--- Data to examine ---

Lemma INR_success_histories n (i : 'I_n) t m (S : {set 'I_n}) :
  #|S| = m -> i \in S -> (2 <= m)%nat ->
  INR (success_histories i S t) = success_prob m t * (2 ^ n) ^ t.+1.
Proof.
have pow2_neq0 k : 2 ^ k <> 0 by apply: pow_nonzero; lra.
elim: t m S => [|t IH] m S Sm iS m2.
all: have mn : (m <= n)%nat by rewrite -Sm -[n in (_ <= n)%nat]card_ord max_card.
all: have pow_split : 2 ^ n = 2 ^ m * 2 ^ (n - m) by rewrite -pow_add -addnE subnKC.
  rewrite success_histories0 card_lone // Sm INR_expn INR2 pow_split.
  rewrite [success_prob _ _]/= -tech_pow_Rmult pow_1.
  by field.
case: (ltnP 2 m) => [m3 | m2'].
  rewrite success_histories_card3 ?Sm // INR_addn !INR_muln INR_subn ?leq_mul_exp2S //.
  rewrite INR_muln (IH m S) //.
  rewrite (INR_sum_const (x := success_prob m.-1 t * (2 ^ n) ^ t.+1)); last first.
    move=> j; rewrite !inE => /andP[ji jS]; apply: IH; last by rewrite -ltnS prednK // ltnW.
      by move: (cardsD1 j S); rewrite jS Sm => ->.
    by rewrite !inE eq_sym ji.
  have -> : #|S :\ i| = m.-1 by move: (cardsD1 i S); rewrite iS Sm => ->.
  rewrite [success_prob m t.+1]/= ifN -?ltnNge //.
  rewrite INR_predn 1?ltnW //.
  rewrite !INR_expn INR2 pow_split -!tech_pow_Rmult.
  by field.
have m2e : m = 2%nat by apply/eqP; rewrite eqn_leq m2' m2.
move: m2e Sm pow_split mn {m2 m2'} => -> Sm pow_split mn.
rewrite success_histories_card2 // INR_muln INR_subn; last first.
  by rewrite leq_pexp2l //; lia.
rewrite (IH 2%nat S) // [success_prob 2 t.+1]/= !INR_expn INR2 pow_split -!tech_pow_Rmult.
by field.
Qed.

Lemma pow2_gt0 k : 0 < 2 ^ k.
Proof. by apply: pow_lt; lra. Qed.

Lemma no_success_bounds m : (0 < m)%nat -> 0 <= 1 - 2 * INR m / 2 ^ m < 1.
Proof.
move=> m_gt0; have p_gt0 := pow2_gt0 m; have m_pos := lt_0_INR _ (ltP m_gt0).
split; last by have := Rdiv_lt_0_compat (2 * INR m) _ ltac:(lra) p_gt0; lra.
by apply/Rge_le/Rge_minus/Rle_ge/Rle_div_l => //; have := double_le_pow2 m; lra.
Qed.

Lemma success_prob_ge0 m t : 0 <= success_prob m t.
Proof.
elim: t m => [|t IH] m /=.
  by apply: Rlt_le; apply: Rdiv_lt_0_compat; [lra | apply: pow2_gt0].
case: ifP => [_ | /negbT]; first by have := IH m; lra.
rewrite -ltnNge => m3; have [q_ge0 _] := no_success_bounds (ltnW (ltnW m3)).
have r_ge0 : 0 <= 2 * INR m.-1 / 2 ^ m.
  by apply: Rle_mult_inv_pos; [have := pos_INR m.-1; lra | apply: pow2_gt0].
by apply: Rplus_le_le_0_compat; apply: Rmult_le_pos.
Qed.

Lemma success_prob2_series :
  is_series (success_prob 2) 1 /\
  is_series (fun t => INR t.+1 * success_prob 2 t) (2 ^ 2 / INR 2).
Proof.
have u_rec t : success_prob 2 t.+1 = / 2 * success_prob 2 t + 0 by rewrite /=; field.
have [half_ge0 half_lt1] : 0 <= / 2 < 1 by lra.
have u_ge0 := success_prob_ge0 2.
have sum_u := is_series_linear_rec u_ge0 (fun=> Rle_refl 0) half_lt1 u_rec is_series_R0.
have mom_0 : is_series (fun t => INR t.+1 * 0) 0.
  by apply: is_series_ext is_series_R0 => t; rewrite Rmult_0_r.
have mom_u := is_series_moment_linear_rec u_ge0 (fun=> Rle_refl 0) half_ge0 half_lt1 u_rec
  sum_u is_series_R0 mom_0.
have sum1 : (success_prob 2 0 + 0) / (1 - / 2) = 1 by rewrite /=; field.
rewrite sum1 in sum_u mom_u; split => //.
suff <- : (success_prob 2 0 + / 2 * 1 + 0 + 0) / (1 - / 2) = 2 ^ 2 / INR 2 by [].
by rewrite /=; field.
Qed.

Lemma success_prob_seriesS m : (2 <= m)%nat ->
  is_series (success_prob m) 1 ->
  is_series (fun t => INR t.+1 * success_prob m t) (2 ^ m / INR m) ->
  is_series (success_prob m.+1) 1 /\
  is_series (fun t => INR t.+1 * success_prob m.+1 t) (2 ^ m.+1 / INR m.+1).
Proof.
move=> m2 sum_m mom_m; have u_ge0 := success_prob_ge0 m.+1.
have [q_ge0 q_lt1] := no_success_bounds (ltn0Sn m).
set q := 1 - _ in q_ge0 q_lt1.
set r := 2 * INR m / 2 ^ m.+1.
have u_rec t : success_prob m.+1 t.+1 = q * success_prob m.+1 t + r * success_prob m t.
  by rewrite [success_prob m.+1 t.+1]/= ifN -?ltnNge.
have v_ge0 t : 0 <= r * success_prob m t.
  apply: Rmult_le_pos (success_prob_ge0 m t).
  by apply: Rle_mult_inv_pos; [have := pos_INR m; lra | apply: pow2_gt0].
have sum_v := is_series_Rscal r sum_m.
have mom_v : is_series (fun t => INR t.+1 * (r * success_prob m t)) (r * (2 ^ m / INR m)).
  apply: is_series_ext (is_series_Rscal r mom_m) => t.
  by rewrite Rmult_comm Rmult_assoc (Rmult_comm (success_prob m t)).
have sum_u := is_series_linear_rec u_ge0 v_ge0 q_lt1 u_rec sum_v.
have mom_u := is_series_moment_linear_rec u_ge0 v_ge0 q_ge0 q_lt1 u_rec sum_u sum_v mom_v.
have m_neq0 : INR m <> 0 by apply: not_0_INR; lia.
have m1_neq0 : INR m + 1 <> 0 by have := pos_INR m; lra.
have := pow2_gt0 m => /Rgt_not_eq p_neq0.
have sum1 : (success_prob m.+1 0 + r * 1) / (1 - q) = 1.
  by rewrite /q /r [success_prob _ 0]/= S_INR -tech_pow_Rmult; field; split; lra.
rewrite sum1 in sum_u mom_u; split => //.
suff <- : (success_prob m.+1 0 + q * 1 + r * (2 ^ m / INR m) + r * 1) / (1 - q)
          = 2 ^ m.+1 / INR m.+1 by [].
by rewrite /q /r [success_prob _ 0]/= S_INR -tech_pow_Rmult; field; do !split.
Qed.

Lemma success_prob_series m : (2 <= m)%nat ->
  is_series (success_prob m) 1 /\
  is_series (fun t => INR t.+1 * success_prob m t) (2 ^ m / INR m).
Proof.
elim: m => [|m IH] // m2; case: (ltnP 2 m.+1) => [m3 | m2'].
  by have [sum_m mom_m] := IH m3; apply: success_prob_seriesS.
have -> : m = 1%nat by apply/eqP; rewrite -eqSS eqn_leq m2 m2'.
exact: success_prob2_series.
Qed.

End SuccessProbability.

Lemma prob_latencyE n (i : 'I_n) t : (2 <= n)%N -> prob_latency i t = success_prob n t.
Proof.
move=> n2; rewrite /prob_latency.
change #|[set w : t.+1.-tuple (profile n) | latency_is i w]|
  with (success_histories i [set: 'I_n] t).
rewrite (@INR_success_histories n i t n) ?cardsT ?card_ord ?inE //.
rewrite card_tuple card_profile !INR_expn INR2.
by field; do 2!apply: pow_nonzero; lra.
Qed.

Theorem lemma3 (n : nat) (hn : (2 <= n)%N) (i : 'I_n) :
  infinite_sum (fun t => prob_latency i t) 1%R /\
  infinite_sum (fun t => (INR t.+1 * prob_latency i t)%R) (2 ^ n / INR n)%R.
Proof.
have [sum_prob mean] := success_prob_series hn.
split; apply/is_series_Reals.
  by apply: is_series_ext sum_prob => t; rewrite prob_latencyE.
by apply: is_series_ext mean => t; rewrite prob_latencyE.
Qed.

---
--- Data to examine ---

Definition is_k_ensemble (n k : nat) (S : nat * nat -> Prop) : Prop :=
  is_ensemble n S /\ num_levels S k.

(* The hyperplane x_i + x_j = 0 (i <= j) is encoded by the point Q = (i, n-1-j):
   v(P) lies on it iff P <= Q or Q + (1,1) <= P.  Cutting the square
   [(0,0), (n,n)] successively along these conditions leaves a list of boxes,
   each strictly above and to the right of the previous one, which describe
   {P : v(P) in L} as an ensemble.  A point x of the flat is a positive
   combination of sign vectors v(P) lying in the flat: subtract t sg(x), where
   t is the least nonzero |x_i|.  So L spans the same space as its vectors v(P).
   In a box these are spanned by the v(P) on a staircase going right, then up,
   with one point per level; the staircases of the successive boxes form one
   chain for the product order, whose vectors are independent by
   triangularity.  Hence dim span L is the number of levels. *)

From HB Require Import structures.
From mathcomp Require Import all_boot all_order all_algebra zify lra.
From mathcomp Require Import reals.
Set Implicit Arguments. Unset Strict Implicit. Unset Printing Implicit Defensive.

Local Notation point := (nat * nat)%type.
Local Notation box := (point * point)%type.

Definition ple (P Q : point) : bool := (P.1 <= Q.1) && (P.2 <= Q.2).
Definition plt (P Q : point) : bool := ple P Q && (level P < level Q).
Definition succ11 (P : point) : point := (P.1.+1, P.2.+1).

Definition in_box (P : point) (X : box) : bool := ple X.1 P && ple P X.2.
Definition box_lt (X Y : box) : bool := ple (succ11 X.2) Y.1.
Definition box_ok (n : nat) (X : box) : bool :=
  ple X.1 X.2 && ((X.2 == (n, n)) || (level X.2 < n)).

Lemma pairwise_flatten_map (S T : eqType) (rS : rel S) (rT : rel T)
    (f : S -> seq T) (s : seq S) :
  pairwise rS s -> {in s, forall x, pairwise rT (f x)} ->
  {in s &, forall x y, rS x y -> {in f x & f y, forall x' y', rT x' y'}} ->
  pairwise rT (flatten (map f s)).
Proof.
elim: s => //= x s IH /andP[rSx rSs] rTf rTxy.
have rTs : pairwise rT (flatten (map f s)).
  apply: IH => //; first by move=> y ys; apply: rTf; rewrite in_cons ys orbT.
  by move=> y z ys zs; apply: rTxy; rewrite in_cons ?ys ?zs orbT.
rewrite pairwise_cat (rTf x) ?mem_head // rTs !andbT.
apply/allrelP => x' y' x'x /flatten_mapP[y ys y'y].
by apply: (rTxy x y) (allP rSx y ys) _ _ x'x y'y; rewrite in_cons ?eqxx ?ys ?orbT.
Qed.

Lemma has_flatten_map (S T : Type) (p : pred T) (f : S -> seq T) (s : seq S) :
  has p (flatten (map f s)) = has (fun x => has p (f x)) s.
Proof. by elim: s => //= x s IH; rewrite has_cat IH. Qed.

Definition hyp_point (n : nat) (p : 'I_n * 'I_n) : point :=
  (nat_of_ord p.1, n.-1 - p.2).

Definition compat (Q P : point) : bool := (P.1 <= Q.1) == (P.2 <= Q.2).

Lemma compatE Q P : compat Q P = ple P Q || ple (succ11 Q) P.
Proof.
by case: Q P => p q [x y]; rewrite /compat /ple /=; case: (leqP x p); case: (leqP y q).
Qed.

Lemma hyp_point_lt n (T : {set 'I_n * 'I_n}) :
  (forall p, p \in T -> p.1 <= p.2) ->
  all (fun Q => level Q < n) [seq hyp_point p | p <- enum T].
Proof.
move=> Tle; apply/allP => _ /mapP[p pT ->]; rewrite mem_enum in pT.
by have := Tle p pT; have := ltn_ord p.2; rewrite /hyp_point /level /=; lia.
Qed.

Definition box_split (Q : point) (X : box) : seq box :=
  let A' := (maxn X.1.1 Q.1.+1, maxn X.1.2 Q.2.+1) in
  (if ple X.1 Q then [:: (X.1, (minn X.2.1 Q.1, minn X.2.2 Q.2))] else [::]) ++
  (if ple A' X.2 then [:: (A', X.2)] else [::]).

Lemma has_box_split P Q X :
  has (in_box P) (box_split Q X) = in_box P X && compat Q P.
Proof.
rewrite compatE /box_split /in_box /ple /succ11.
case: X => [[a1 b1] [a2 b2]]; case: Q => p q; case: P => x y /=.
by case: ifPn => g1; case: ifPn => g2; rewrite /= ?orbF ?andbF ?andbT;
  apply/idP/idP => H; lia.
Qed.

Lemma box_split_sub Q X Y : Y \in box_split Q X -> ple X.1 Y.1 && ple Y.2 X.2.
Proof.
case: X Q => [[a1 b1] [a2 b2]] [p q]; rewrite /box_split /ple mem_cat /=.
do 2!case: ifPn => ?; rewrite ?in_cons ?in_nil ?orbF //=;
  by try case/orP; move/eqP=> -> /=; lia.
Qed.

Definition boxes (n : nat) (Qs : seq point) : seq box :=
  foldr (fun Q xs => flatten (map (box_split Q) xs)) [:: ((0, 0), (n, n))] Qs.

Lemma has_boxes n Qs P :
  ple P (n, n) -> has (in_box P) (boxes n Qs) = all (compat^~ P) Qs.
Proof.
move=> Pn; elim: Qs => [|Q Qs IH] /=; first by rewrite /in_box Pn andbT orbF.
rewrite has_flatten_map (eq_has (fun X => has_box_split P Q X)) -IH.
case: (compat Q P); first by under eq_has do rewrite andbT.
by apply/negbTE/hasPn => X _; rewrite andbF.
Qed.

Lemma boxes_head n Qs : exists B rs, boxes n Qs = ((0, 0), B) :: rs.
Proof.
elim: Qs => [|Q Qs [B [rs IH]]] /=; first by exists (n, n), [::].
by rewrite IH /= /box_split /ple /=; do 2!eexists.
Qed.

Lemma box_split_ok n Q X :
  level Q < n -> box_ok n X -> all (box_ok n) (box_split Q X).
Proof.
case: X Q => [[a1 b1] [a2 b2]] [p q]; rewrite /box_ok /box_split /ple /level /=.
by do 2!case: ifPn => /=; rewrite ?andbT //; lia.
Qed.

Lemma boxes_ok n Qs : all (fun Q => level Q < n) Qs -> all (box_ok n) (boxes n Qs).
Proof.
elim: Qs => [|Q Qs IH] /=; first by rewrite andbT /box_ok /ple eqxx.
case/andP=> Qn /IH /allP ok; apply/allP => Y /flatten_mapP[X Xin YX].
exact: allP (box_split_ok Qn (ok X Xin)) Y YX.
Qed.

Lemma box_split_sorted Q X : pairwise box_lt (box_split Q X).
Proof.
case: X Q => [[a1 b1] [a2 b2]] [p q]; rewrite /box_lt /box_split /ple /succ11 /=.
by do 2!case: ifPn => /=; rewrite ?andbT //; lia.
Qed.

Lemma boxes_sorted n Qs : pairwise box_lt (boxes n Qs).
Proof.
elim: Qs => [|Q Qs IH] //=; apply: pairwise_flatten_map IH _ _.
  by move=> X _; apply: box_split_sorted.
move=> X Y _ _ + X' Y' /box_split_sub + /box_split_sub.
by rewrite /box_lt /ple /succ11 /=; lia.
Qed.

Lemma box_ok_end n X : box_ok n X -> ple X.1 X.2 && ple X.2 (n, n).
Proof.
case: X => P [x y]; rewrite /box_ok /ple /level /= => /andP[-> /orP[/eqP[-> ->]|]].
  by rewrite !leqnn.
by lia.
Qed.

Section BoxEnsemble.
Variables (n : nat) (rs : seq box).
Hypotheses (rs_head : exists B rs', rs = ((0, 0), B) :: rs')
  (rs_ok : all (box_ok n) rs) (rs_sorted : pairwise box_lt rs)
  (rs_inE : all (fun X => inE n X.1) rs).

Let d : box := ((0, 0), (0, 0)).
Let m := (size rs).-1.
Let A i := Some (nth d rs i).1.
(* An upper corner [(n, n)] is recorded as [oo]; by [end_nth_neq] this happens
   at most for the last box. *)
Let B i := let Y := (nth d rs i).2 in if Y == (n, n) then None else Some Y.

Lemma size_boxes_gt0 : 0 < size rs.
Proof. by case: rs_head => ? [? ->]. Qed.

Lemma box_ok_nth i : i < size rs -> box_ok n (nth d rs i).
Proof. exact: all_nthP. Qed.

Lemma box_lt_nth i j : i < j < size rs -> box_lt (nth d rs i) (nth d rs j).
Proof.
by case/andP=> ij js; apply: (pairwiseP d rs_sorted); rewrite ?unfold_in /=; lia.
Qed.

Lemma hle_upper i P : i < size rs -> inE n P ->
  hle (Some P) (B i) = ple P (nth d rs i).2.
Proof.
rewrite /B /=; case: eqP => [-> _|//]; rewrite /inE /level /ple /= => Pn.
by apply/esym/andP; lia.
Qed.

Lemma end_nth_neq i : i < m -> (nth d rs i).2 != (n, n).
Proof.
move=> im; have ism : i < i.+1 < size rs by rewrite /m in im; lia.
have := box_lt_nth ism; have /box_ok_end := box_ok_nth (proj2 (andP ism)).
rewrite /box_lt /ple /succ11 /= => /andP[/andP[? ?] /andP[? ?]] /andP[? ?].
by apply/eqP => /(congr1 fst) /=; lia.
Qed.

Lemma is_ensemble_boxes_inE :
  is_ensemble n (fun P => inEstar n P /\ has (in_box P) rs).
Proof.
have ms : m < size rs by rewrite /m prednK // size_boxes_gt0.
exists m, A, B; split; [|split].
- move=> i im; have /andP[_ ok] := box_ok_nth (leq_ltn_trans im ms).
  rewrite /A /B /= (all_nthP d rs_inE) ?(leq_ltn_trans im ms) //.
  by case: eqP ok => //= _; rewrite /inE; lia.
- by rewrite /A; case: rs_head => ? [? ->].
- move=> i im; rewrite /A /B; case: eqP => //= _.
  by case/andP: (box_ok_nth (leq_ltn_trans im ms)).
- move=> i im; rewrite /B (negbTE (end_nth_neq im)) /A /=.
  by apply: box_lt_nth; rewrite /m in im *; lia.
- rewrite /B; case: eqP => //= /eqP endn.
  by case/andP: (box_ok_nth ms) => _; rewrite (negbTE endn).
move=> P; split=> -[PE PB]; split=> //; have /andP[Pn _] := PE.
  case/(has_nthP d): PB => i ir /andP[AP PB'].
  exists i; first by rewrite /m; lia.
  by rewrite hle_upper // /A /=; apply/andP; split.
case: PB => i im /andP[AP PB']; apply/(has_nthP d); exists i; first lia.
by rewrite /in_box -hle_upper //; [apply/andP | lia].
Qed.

---
--- Data to examine ---

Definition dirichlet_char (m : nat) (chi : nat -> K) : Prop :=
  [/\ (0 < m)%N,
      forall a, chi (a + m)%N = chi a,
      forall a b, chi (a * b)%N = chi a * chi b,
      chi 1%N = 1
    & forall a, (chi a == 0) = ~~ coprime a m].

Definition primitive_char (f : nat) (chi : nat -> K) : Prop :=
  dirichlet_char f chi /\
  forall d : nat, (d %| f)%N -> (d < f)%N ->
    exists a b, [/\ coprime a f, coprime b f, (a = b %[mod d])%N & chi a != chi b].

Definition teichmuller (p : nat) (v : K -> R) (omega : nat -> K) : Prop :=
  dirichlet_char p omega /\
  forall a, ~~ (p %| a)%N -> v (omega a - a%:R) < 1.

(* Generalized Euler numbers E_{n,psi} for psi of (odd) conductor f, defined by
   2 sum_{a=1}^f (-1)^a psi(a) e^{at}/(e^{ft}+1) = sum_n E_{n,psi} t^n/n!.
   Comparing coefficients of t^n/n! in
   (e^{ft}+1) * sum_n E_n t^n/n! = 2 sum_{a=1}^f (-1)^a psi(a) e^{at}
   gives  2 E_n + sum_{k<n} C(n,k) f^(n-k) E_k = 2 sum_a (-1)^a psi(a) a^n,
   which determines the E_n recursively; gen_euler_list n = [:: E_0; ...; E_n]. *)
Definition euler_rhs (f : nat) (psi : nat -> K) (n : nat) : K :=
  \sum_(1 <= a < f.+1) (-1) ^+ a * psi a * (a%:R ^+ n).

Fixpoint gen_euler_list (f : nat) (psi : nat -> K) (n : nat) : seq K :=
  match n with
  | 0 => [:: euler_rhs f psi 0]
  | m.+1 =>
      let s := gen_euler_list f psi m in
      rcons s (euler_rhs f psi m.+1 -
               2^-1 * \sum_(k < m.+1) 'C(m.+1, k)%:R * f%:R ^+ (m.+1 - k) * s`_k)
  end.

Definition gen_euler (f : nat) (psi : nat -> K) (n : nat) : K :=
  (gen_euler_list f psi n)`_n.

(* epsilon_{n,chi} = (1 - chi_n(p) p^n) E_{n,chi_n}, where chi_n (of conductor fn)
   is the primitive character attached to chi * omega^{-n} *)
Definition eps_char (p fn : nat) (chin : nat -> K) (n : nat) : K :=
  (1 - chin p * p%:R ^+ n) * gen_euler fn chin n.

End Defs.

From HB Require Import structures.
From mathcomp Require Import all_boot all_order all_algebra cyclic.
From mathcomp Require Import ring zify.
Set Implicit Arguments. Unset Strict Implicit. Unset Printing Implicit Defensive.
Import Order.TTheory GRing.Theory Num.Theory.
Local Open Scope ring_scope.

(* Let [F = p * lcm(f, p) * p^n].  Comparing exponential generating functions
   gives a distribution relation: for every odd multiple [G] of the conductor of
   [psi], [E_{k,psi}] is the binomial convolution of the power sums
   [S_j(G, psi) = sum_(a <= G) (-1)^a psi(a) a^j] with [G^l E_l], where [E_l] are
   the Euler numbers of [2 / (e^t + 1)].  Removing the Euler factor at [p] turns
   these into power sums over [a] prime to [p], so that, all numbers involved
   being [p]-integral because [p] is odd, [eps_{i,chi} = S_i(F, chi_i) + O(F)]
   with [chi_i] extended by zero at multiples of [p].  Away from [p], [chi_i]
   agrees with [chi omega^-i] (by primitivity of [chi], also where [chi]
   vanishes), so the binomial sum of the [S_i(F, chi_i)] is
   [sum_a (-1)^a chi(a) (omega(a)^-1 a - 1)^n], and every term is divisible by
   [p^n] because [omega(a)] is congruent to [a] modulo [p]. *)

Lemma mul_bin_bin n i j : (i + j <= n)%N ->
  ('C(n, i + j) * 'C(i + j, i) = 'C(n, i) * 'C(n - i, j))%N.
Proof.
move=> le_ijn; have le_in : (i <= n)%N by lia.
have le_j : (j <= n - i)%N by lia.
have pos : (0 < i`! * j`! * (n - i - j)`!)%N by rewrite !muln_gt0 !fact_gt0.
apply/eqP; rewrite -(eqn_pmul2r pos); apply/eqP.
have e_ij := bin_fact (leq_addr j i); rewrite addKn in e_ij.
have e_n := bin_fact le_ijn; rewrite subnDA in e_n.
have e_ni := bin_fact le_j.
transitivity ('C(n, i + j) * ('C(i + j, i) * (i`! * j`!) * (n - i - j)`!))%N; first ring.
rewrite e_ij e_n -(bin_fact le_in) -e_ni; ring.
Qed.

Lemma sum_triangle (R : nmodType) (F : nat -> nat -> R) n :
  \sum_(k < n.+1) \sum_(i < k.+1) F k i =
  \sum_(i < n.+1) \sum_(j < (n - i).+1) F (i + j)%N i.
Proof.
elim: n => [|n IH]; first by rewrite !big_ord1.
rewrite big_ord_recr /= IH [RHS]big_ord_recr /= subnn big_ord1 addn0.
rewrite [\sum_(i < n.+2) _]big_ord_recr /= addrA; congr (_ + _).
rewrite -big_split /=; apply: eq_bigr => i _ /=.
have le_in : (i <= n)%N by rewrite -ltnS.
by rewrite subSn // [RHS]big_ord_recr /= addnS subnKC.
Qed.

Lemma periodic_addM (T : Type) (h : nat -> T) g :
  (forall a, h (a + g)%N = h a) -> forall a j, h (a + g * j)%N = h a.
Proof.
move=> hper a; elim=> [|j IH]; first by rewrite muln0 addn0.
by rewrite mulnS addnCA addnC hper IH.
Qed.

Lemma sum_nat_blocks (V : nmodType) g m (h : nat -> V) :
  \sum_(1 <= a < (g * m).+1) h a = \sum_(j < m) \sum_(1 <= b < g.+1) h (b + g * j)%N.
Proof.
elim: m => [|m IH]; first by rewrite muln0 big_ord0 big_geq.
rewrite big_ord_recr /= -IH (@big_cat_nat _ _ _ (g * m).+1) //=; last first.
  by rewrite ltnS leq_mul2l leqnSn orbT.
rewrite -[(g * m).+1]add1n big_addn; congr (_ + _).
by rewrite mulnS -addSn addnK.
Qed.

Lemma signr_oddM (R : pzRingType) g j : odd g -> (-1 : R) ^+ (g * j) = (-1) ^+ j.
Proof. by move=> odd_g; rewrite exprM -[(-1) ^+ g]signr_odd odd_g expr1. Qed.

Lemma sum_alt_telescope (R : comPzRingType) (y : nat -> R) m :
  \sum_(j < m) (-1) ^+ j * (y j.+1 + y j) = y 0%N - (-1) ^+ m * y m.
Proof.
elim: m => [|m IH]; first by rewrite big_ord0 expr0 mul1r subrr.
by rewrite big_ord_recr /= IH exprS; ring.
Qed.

---

*Required work*
From the entries above, collect every line with the string "chin" in it.

*Output of the task*
Definition eps_char (p fn : nat) (chin : nat -> K) (n : nat) : K :=
  (1 - chin p * p%:R ^+ n) * gen_euler fn chin n.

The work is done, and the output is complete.